Got error 4009 'Cluster Failure' from NDBCLUSTER

ruturaj · October 5, 2021, 6:55pm

mysql> insert into t1 values (1);
Query OK, 1 row affected (0.00 sec)

mysql>
mysql> select * from t1;
+---+
| a |
+---+
| 1 |
+---+
1 row in set (0.00 sec)

mysql> DROP TABLE t1;
Query OK, 0 rows affected (0.24 sec)

mysql>
mysql>

working as expected when i am running the simple commands

mikaelronstrom · October 5, 2021, 6:57pm

Ok, one more question, how does the config.ini looks in the API/MYSQLD
node parts

ruturaj · October 5, 2021, 6:58pm

[mysqld]
NodeId=67
Hostname=xxx.xxx.xxx.xxx

[mysqld]
NodeId=68
Hostname=xxx.xxx.xxx.xxx

[api]
NodeId=231

mikaelronstrom · October 5, 2021, 6:59pm

Ok, so we can conclude that the cluster is up and running, and serves query.
So then we need to understand what happens when you run queries against it.

mikaelronstrom · October 5, 2021, 7:00pm

What I sometimes do then is that I issue SHOW PROCESSLIST; once per second to see how many concurrent queries it is running and what queries there are.
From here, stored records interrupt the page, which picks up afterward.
(* Let eta be the M-th root of unity /= 1 of the closed upper half-plane with
   the largest real part.  Rotating any such root w by eta^-1 keeps it in the
   upper half-plane and strictly decreases the number of M-th roots whose real
   part exceeds Re w; by descent every M-th root is a power of eta, so eta is
   a primitive M-th root.  (xi, a primitive root, just enumerates the roots.) *)
Section MaxUpperRoot.
Variables (M : nat) (xi : algC).
Hypotheses (M_gt1 : (1 < M)%N) (xi_prim : M.-primitive_root xi).
Let M_gt0 : (0 < M)%N := ltnW M_gt1.

(* Such an eta exists: xi or its conjugate is a candidate, and there are
   finitely many M-th roots. *)
Lemma max_upper_root_exists : exists eta : algC,
  [/\ eta ^+ M = 1, 0 <= 'Im eta, eta != 1 &
      forall w, w ^+ M = 1 -> 0 <= 'Im w -> w != 1 -> 'Re w <= 'Re eta].
Proof.
pose ok (k : 'I_M) := (0 <= 'Im (xi ^+ k)) && (xi ^+ k != 1).
have xi_neq1 k : (0 < k < M)%N -> xi ^+ k != 1.
  move=> /andP[k_gt0 k_ltM]; rewrite -(expr0 xi) (eq_prim_root_expr xi_prim).
  by rewrite mod0n modn_small // -lt0n.
have [k0 ok_k0] : exists k0, ok k0.
  have [Im_ge0|Im_lt0] := real_ge0P (Creal_Im xi).
    by exists (Ordinal M_gt1); rewrite /ok expr1 Im_ge0 -[xi]expr1 xi_neq1 ?M_gt1.
  have M1_ltM : (M.-1 < M)%N by rewrite prednK.
  exists (Ordinal M1_ltM); rewrite /ok /= -(root1_conj M_gt0 (prim_expr_order xi_prim)).
  by rewrite Im_conj oppr_ge0 ltW //= fmorph_eq1 -[xi]expr1 xi_neq1 ?M_gt1.
pose re x : algR := in_algR (Creal_Re x).
have [k ok_k k_max] := arg_maxP (fun k : 'I_M => re (xi ^+ k)) ok_k0.
case/andP: ok_k => Im_ge0 neq1; exists (xi ^+ k); split => //.
  by rewrite exprAC (prim_expr_order xi_prim) expr1n.
move=> w wM Im_w w_neq1; have [i w_def] := prim_rootP xi_prim wM.
by rewrite w_def; apply: (k_max i); rewrite /ok -w_def Im_w w_neq1.
Qed.

Variable eta : algC.
Hypotheses (etaM : eta ^+ M = 1) (Im_eta : 0 <= 'Im eta) (eta_neq1 : eta != 1).
Hypothesis eta_max : forall w, w ^+ M = 1 -> 0 <= 'Im w -> w != 1 -> 'Re w <= 'Re eta.

(* The descent measure: number of M-th roots of unity to the right of w. *)
Let above (w : algC) := #|[set k : 'I_M | 'Re w < 'Re (xi ^+ k)]|.

Lemma rotate_back w : w ^+ M = 1 -> 0 <= 'Im w -> w != 1 ->
  [/\ (w * eta^*) ^+ M = 1, 0 <= 'Im (w * eta^*) & (above (w * eta^*)%R < above w)%N].
Proof.
move=> wM Im_w w_neq1.
have [Im_ge0 Re_gt] := rotate_unit (root1_norm M_gt0 etaM) (root1_norm M_gt0 wM)
  Im_eta Im_w (eta_max wM Im_w w_neq1).
have w'M : (w * eta^*) ^+ M = 1 by rewrite exprMn -rmorphXn etaM rmorph1 wM mulr1.
split => //; apply: proper_card; apply/properP; split.
  by apply/subsetP => k; rewrite !inE; apply: lt_trans (Re_gt eta_neq1).
have [k w'_def] := prim_rootP xi_prim w'M.
by exists k; rewrite !inE -w'_def ?ltxx // Re_gt.
Qed.

Lemma upper_root_power w : w ^+ M = 1 -> 0 <= 'Im w -> exists j, w = eta ^+ j.
Proof.
have [n] := ubnP (above w); elim: n w => // n IHn w above_w wM Im_w.
have [->|w_neq1] := eqVneq w 1; first by exists 0%N.
have [w'M Im_w' above_w'] := rotate_back wM Im_w w_neq1.
have [j w'_def] := IHn _ (leq_trans above_w' above_w) w'M Im_w'.
exists j.+1; rewrite exprSr -w'_def -mulrA [eta^* * _]mulrC.
by rewrite norm1_mul_conj ?mulr1 // (root1_norm M_gt0 etaM).
Qed.

(* Lower roots are conjugates of upper ones, and conj eta = eta^(M-1). *)
Lemma root_power w : w ^+ M = 1 -> exists j, w = eta ^+ j.
Proof.
move=> wM; have [Im_ge0|Im_lt0] := real_ge0P (Creal_Im w).
  exact: upper_root_power.
have [j wc_def] : exists j, w^* = eta ^+ j.
  apply: upper_root_power; first by rewrite -rmorphXn wM rmorph1.
  by rewrite Im_conj oppr_ge0 ltW.
exists (M.-1 * j)%N.
by rewrite -[w]conjCK wc_def mulnC exprM (root1_conj M_gt0) // exprAC etaM expr1n.
Qed.

Lemma max_upper_root_prim : M.-primitive_root eta.
Proof.
have [m xi_def] := root_power (prim_expr_order xi_prim).
have [d d_prim d_dvdM] := prim_order_exists M_gt0 etaM.
have M_dvd_d : (M %| d)%N.
  by rewrite (prim_order_dvd xi_prim) xi_def exprAC (prim_expr_order d_prim) expr1n.
by have /eqP <- : d == M by rewrite eqn_dvd d_dvdM M_dvd_d.
Qed.
End MaxUpperRoot.

(* N.-root (-1) is a primitive 2N-th root: it maximizes the real part among
   the N-th roots of -1 in the upper half-plane (rootC_Re_max), and so does the
   root eta of the section above (with M = 2N), because eta ^+ N = -1. *)
Lemma rootC_neg1_prim N : (1 < N)%N -> (2 * N).-primitive_root (N.-root (-1) : algC).
Proof.
move=> N_gt1; have N_gt0 := ltnW N_gt1; set M := (2 * N)%N; set rho := N.-root _.
have M_gt1 : (1 < M)%N by rewrite (leq_trans N_gt1) // leq_pmull.
have [xi xi_prim] := C_prim_root_exists (ltnW M_gt1).
have [eta [etaM Im_eta eta_neq1 eta_max]] := max_upper_root_exists M_gt1 xi_prim.
have eta_prim := max_upper_root_prim M_gt1 xi_prim etaM Im_eta eta_neq1 eta_max.
have rhoN : rho ^+ N = -1 := rootCK N_gt0 (-1).
have rhoM : rho ^+ M = 1 by rewrite /M mulnC exprM rhoN sqrrN expr1n.
have rho_neq1 : rho != 1.
  by apply: contra_eq_neq rhoN => ->; rewrite expr1n -subr_eq0 opprK -mulr2n pnatr_eq0.
have etaN : eta ^+ N = -1.
  have : (eta ^+ N) ^+ 2 == 1 by rewrite -exprM mulnC etaM.
  rewrite sqrf_eq1 -(prim_order_dvd eta_prim) => /orP[/(dvdn_leq N_gt0)|/eqP //].
  by rewrite leqNgt ltn_Pmull.
have Re_eq : 'Re rho = 'Re eta.
  apply/le_anti; rewrite eta_max ?Im_rootC_ge0 //=.
  exact: rootC_Re_max N_gt0 etaN Im_eta.
suff -> : rho = eta by [].
apply: eqC_semipolar Re_eq _; last by rewrite mulr_ge0 ?Im_rootC_ge0.
by rewrite (root1_norm (ltnW M_gt1) rhoM) (root1_norm (ltnW M_gt1) etaM).
Qed.

Lemma eC_prim N : (1 < N)%N -> N.-primitive_root (eC N).
Proof.
move=> N_gt1; have := exp_prim_root (rootC_neg1_prim N_gt1) 2.
by rewrite (gcdn_idPl _) ?dvdn_mulr // mulKn.
Qed.

Lemma root1_geometric_sum (R : idomainType) (u : R) (n : nat) : u ^+ n = 1 ->
  \sum_(j < n) u ^+ j = if u == 1 then n%:R else 0.
Proof.
move=> un; have [->|u_neq1] := eqVneq u 1.
  by rewrite (eq_bigr (fun _ => 1)) ?sumr_const ?card_ord // => j _; rewrite expr1n.
have /eqP : (u - 1) * \sum_(j < n) u ^+ j = 0 by rewrite -subrX1 un subrr.
by rewrite mulf_eq0 subr_eq0 (negPf u_neq1) => /eqP.
Qed.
mikaelronstrom · October 5, 2021, 7:00pm

Could be some kind of overload situations possibly

mikaelronstrom · October 5, 2021, 7:01pm

What is the type of queries that you issue against the cluster and how many parallel queries. This is what this SHOW PROCESSLIST; usually shows

ruturaj · October 5, 2021, 7:03pm

tried the same thing already (SHOW PROCESSLIST)… nothing else was running while i was seeing the error…

i was issuing hardly 10-20 parallel primary key lookup queries, nothing too fancy and not too much load

mikaelronstrom · October 5, 2021, 7:05pm

What i also would do is:

Run top on the nodes to see if one sees something weird
Check data node logs to check how many threads are setup in the data nodes.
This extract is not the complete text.